Problem: A single figure is the whole answer: the number of lines in the entries that contain "forall".

[Saved data entries]
(* We work with row spaces of transposes.  Let X_k := (A^k B)^T and let
   tail t be the row space spanned by all X_k with k >= t (by Cayley-Hamilton
   X_t, ..., X_(t+N-1) suffice).  Then tail 0 is the row space of W^T,
   tail 1 that of (A W)^T, and tail t *m A^T = tail t.+1.

   Rank bounds: the Frobenius rank inequality, applied to the A^T-invariant
   space tail 0, bounds every R_i and also every later drop
   rank (tail t) - rank (tail t.+1) by the first drop d := rank W - rank (A W).

   Controllability: we build a schedule S t of at most s input channels per
   time step such that the selected columns of A^t B span the column space
   of W.  Before the tails stabilise, a greedy basis extension chooses at most
   (drop at t) <= d <= s columns of A^t B; afterwards one new independent
   column per time step is added until everything is spanned.  Finally
   rank (C W) = n gives, for every target, a v in the column space of W with
   C v = y, and expanding v over the scheduled columns yields sparse inputs. *)

Lemma nonincreasing_stabilizes (f : nat -> nat) :
  (forall t, (f t.+1 <= f t)%N) -> exists M, forall t, (M <= t)%N -> f t = f M.
Proof.
have [b] := ubnP (f 0%N); elim: b f => // b IH f f0b decr.
have [const|] := classic (forall t, f t = f 0%N); first by exists 0%N.
move=> /not_all_ex_not [t ft_neq].
have ft_le : (f t <= f 0%N)%N.
  by elim: (t) => // k IHk; exact: leq_trans (decr k) IHk.
have [|k|M stableM] := IH (fun k => f (t + k)%N).
- by move: ft_neq; rewrite addn0; lia.
- by rewrite addnS.
exists (t + M)%N => k leMk; rewrite -(subnKC (leq_trans (leq_addr M t) leMk)).
by apply: stableM; lia.
Qed.

Lemma rank_drop_invariant (F : fieldType) p N q
    (Y : 'M[F]_(p, N)) (M : 'M[F]_N) (Z : 'M[F]_(N, q)) :
  (Y *m M <= Y)%MS ->
  (\rank (Y *m Z) - \rank (Y *m M *m Z) <= \rank Y - \rank (Y *m M))%N.
Proof. by case/submxP => K ->; have := mxrank_Frobenius K Y Z; lia. Qed.

Lemma rank_increment_antitone (F : fieldType) N p q r
    (P : 'M[F]_(p, N)) (Q : 'M[F]_(q, N)) (U : 'M[F]_(r, N)) :
  (U <= P)%MS -> (\rank (P + Q) - \rank P <= \rank (U + Q) - \rank U)%N.
Proof.
move=> sUP; have := mxrank_sum_cap P Q; have := mxrank_sum_cap U Q.
have := mxrankS (capmxS sUP (submx_refl Q)); lia.
Qed.

(* The diagonal 0/1 matrix keeping the rows (input channels) indexed by S. *)
Definition sel_mx (F : fieldType) m (S : {set 'I_m}) : 'M[F]_m :=
  diag_mx (\row_i (i \in S)%:R).
Arguments sel_mx {F m} S.

Definition update_at (T : Type) (f : nat -> T) (t : nat) (x : T) : nat -> T :=
  fun k => if k == t then x else f k.

Section Selection.
Variables (F : fieldType) (m N : nat).

Lemma row_sub_sel (S : {set 'I_m}) (X : 'M[F]_(m, N)) i :
  i \in S -> (row i X <= sel_mx S *m X)%MS.
Proof.
move=> iS; have <- : row i (sel_mx S *m X) = row i X.
  by apply/rowP => j; rewrite /sel_mx mul_diag_mx !mxE iS mul1r.
exact: row_sub.
Qed.

Lemma sel_mxS (S S' : {set 'I_m}) (X : 'M[F]_(m, N)) :
  S \subset S' -> (sel_mx S *m X <= sel_mx S' *m X)%MS.
Proof.
move=> sSS'; have -> : sel_mx S *m X = sel_mx S *m (sel_mx S' *m X).
  apply/matrixP => i j; rewrite /sel_mx !mul_diag_mx !mxE.
  by case: (boolP (i \in S)) => iS; rewrite ?mul0r // (subsetP sSS' _ iS) !mul1r.
exact: submxMl.
Qed.

Lemma sel_grow p (P : 'M[F]_(p, N)) (X : 'M[F]_(m, N)) S :
  ~~ (X <= P + sel_mx S *m X)%MS ->
  exists S' : {set 'I_m}, #|S'| = #|S|.+1 /\
    (\rank (P + sel_mx S *m X) < \rank (P + sel_mx S' *m X))%N.
Proof.
case/row_subPn => i iX_out.
have iS : i \notin S.
  apply: contra iX_out => iS.
  exact: submx_trans (row_sub_sel X iS) (addsmxSr _ _).
exists (i |: S); split; first by rewrite cardsU1 iS.
have sub : (P + sel_mx S *m X <= P + sel_mx (i |: S) *m X)%MS.
  by apply: addsmxS => //; apply/sel_mxS/subsetUr.
have [le eq_rank] := mxrank_leqif_sup sub.
rewrite ltn_neqAle le andbT eq_rank; apply: contra iX_out.
exact: submx_trans (submx_trans (row_sub_sel X (setU11 i S)) (addsmxSr _ _)).
Qed.

Lemma greedy_selection p (P : 'M[F]_(p, N)) (X : 'M[F]_(m, N)) :
  exists2 S : {set 'I_m}, (X <= P + sel_mx S *m X)%MS &
    (#|S| + \rank P <= \rank (P + X))%N.
Proof.
have rank_sel S : (\rank (P + sel_mx S *m X) <= \rank (P + X))%N.
  by apply/mxrankS/addsmxS => //; apply: submxMl.
have init : (#|(set0 : {set 'I_m})| + \rank P <= \rank (P + sel_mx set0 *m X))%N.
  by rewrite cards0 add0n mxrankS ?addsmxSl.
have [d] := ubnP (\rank (P + X) - \rank (P + sel_mx set0 *m X))%N.
elim: d (set0 : {set 'I_m}) init => // d IH S invariant measure.
have [spans|/sel_grow [S' [cardS' rank_lt]]] := boolP (X <= P + sel_mx S *m X)%MS.
  by exists S => //; exact: leq_trans invariant (rank_sel S).
by apply: (IH S'); have := rank_sel S'; lia.
Qed.

End Selection.

Section KrylovTails.
Variables (F : fieldType) (N m : nat) (A : 'M[F]_N) (B : 'M[F]_(N, m)).

Definition trblock (k : nat) : 'M[F]_(m, N) := (A ^+ k *m B)^T.

Definition tail (t : nat) : 'M[F]_N := (\sum_(j < N) <<trblock (t + j)>>)%MS.

Lemma pow_span_low_powers k :
  exists c : 'I_N -> F, A ^+ k = \sum_(i < N) c i *: A ^+ i.
Proof.
case: N A => [|n] M; first by exists (fun _ => 0); apply/matrixP => -[].
have Xk_in := horner_mx_mem M 'X^k.
rewrite rmorphXn /= horner_mx_X in Xk_in.
have deg_le : (degree_mxminpoly M <= n.+1)%N.
  have := dvdp_leq (monic_neq0 (char_poly_monic M)) (mxminpoly_dvd_char M).
  by rewrite size_mxminpoly size_char_poly.
have powers_sub : (powers_mx M (degree_mxminpoly M) <= powers_mx M n.+1)%MS.
  apply/row_subP => i; rewrite rowK.
  by apply: (eq_row_sub (widen_ord deg_le i)); rewrite rowK.
have /submxP [u eu] := submx_trans Xk_in powers_sub.
exists (fun i => u 0 i).
rewrite -[M ^+ k]mxvecK eu mulmx_sum_row linear_sum; apply: eq_bigr => i _.
by rewrite rowK linearZ /= mxvecK.
Qed.

Lemma trblockS k : trblock k.+1 = trblock k *m A^T.
Proof. by rewrite /trblock exprS -mulmxE -mulmxA trmx_mul. Qed.

Lemma trblock_in_tail t k : (t <= k)%N -> (trblock k <= tail t)%MS.
Proof.
move=> le_tk; have [c ec] := pow_span_low_powers (k - t).
have -> : trblock k = \sum_(i < N) c i *: trblock (t + i).
  rewrite /trblock -(subnKC le_tk) exprD ec mulr_sumr mulmx_suml linear_sum.
  apply: eq_bigr => i _.
  by rewrite -mulmxE -scalemxAr -scalemxAl linearZ /= mulmxE -exprD.
apply: summx_sub => i _; apply: scalemx_sub.
by rewrite /tail (sumsmx_sup i) // genmxE.
Qed.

Solution to this exercise: 2